“May December” Turns Satiric Eye to Tabloid Scandals and Method Acting

A rambling Rorschach Test of psychological perceptions takes the spotlight as characters experience the twisty limits of Method Acting in the peculiar new Todd Haynes dark comedy May December (A-). Natalie Portman plays an actress visiting Savannah, Georgia on an indie film research mission to study a real-life woman played by Julianne Moore and her much younger husband portrayed by Charles Melton the details of their notorious tabloid romance which started when he was underage. The movie presents an escalating series of off-kilter sequences, bombastic music and brazenly theatrical conceits ranging from melodramatic monologues to acting in front of mirrors to speaking about technique to acting classes. Portman’s character finds herself going deeper and deeper into the rabbit hole of intrigue and investigation, with increasingly thorny and unnerving results.
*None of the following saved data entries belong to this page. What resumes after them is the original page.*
(* There exist absolute constants $c_1,c_2>0$ such that the following holds. Suppose $\delta\le e^{-1}$, $C_{n,\delta}\ge c_1\log(n/\delta)$, and $k\ge c_2\, b\,(C_{n,\delta}+1)\max\{\Omega_{\max},E_{\max}\}$. Then $$P\left(\exists (i,j)\in E:\ |F_{ij}-p_{ij}|\ge\sqrt{\frac{C_{n,\delta}}{k\,v_{ij}}}\right)\le\delta.$$
   Context: $G=(V,E)$ is an undirected connected graph on $V=\{1,\dots,n\}$, each edge with a fixed orientation $(i,j)$. Weights $w\in\mathbb{R}^n$ are positive with $b\ge\max_{i,j}w_i/w_j$. For each edge $(i,j)\in E$, $k$ independent comparisons are performed, each won by $i$ with probability $p_{ij}=w_i/(w_i+w_j)$ (independent across edges); $F_{ij}$ is the fraction of them won by $i$. $\rho_{ij}=w_i/w_j$ and $v_{ij}=\rho_{ij}+2+\rho_{ij}^{-1}=1/(p_{ij}(1-p_{ij}))$. $\Omega_{ij}=(e_i-e_j)^TL^\dagger(e_i-e_j)$ is the effective resistance ($L$ the Laplacian, $L^\dagger$ its pseudoinverse), $\Omega_{\max}=\max_{i,j}\Omega_{ij}$. $E_{ij}$ is the set of edges on at least one simple path from $i$ to $j$, $E_{\max}=\max_{i,j}|E_{ij}|$. $C_{n,\delta}$ is a parameter. *)

From HB Require Import structures.
From mathcomp Require Import all_boot all_order all_algebra.
From mathcomp Require Import boolp reals.
From mathcomp Require Import sequences.
From mathcomp.analysis Require Import exp.
Set Implicit Arguments. Unset Strict Implicit. Unset Printing Implicit Defensive.
Import Order.TTheory GRing.Theory Num.Theory.
Local Open Scope ring_scope.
She gets an iconic moment when she describes what filming an intimate scene in a movie is like and loses herself in the notion that sometimes it’s highly technical and sometimes you don’t want to admit you felt a little chemistry. All three primary actors are fabulous with the women trading secrets and lies and an increasingly similar appearance and relative newcomer Melton providing an object of unusual sympathy. Moore plumbs great depths of her sex offender character loosely based on the true story of Mary Kay Letourneau the audience may think it knows. Haynes has built a career on opulent domestic stories often with subtext of social persecution, and his latest is a brilliant remix of some of his most austere and audacious themes. This won’t be everyone’s cup of tea, but it will undoubtedly keep viewers guessing where one person’s scandal starts and another’s art fills in the gaps.